§ **Problem requirements**:
Find "Context: Braid conventions: braids" and "Definition step (m" in the records below. Copy the lines holding them and every line between, exactly, and no others.

**** Extracted records ****

(* Let $i,j,k$ be integers with $j>0$ and $0\le k<i$, and suppose the virtual diagram $(i,j,k)$ has one component. Let $GD((i,j,k))$ be its Gauss diagram. Then $i(c)\neq 0$ for every chord $c$ of $GD((i,j,k))$.
   Context: Braid conventions: braids on $i$ strands are drawn horizontally, oriented left to right, with positions $1,\dots,i$ numbered from top to bottom, and words are read left to right. The generator $\sigma_m$ is a classical (positive) crossing at which the strand in position $m$ moves to position $m+1$, passing over the strand moving from position $m+1$ to position $m$. Virtual crossings carry no over/under information. $VB^1_{i,j}$ is obtained from $(\sigma_1\cdots\sigma_{i-1})^j$ by replacing the crossings of the first (left-most) block $\sigma_1\cdots\sigma_{i-1}$ by virtual crossings. $B_k=\sigma_k\cdots\sigma_1$, with $B_0$ trivial. $(i,j,k)$ is the closure of $VB^1_{i,j}B_k$. Gauss diagram: for an oriented virtual knot diagram, take a circle $\Gamma$ parametrizing the knot. Each classical crossing gives a chord joining its two preimages, with an arrowhead at the under-passage and labelled by the crossing sign; virtual crossings are ignored. A crossing is positive ($+1$) if the understrand passes from the right to the left of the overstrand, and negative ($-1$) otherwise. For a chord $c$, its endpoints split $\Gamma$ into open arcs $\gamma_1,\gamma_2$. Flip every chord $c'\neq c$ with one endpoint on each arc whose arrowhead lies on $\gamma_2$; flipping reverses the arrow and negates the sign. Then $i(c)$ is the sum of signs of all chords with one endpoint on each of $\gamma_1,\gamma_2$. This is well defined up to sign. *)

From mathcomp Require Import all_boot all_order all_algebra.
Set Implicit Arguments. Unset Strict Implicit. Unset Printing Implicit Defensive.
Import GRing.Theory Num.Theory.

(* A braid word is a sequence of letters (m, b): the crossing between
   positions m and m+1 (positions 1..i, top to bottom); b = true for the
   classical generator sigma_m, b = false for a virtual crossing. *)
Definition letter := (nat * bool)%type.

Definition block (i : nat) (b : bool) : seq letter :=
  [seq (m, b) | m <- iota 1 i.-1].

Definition VB1 (i j : nat) : seq letter :=
  block i false ++ flatten (nseq j.-1 (block i true)).

Definition Bk (k : nat) : seq letter := [seq (m, true) | m <- rev (iota 1 k)].

Definition ijk_word (i j k : nat) : seq letter := VB1 i j ++ Bk k.

Definition step (m p : nat) : nat :=
  if p == m then m.+1 else if p == m.+1 then m else p.

Definition braid_perm (w : seq letter) (p : nat) : nat :=
  foldl (fun q l => step l.1 q) p w.

(* the closure of the braid on i strands has exactly one component:
   the closure permutation is a single cycle on {1..i} *)
Definition one_component (i : nat) (w : seq letter) : Prop :=
  forall p, 1 <= p <= i -> exists n, iter n (braid_perm w) 1 = p.

(* Passing once through the braid from position p, list the classical
   crossings met, as (index of the letter in w, under?).  At sigma_m the
   strand at position m goes over, the one at position m+1 goes under. *)
Fixpoint pass_events (w : seq letter) (t p : nat) : seq (nat * bool) :=
  match w with
  | [::] => [::]
  | (m, b) :: w' =>
      (if b && ((p == m) || (p == m.+1)) then [:: (t, p == m.+1)] else [::])
      ++ pass_events w' t.+1 (step m p)
  end.

(* Gauss word of the closure (assumed one component), traversed starting at
   the left end of position 1: i passes through the braid.  The entries are
   the endpoints on the circle Gamma, in cyclic order; endpoint (t, true) is
   the under-passage (arrowhead) of the chord of crossing t, (t, false) is
   its over-passage. *)
Definition gauss_word (i : nat) (w : seq letter) : seq (nat * bool) :=
  flatten [seq pass_events w 0 (iter n (braid_perm w) 1) | n <- iota 0 i].

Definition is_chord (w : seq letter) (t : nat) : bool :=
  (t < size w) && (nth (0, false) w t).2.

(* every sigma_m is a positive crossing *)
Definition chord_sign (w : seq letter) (t : nat) : int := 1.

Definition over_pos (G : seq (nat * bool)) (t : nat) : nat := index (t, false) G.
Definition under_pos (G : seq (nat * bool)) (t : nat) : nat := index (t, true) G.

****

§ **Result**:
   Context: Braid conventions: braids on $i$ strands are drawn horizontally, oriented left to right, with positions $1,\dots,i$ numbered from top to bottom, and words are read left to right. The generator $\sigma_m$ is a classical (positive) crossing at which the strand in position $m$ moves to position $m+1$, passing over the strand moving from position $m+1$ to position $m$. Virtual crossings carry no over/under information. $VB^1_{i,j}$ is obtained from $(\sigma_1\cdots\sigma_{i-1})^j$ by replacing the crossings of the first (left-most) block $\sigma_1\cdots\sigma_{i-1}$ by virtual crossings. $B_k=\sigma_k\cdots\sigma_1$, with $B_0$ trivial. $(i,j,k)$ is the closure of $VB^1_{i,j}B_k$. Gauss diagram: for an oriented virtual knot diagram, take a circle $\Gamma$ parametrizing the knot. Each classical crossing gives a chord joining its two preimages, with an arrowhead at the under-passage and labelled by the crossing sign; virtual crossings are ignored. A crossing is positive ($+1$) if the understrand passes from the right to the left of the overstrand, and negative ($-1$) otherwise. For a chord $c$, its endpoints split $\Gamma$ into open arcs $\gamma_1,\gamma_2$. Flip every chord $c'\neq c$ with one endpoint on each arc whose arrowhead lies on $\gamma_2$; flipping reverses the arrow and negates the sign. Then $i(c)$ is the sum of signs of all chords with one endpoint on each of $\gamma_1,\gamma_2$. This is well defined up to sign. *)

From mathcomp Require Import all_boot all_order all_algebra.
Set Implicit Arguments. Unset Strict Implicit. Unset Printing Implicit Defensive.
Import GRing.Theory Num.Theory.

(* A braid word is a sequence of letters (m, b): the crossing between
   positions m and m+1 (positions 1..i, top to bottom); b = true for the
   classical generator sigma_m, b = false for a virtual crossing. *)
Definition letter := (nat * bool)%type.

Definition block (i : nat) (b : bool) : seq letter :=
  [seq (m, b) | m <- iota 1 i.-1].

Definition VB1 (i j : nat) : seq letter :=
  block i false ++ flatten (nseq j.-1 (block i true)).

Definition Bk (k : nat) : seq letter := [seq (m, true) | m <- rev (iota 1 k)].

Definition ijk_word (i j k : nat) : seq letter := VB1 i j ++ Bk k.

Definition step (m p : nat) : nat :=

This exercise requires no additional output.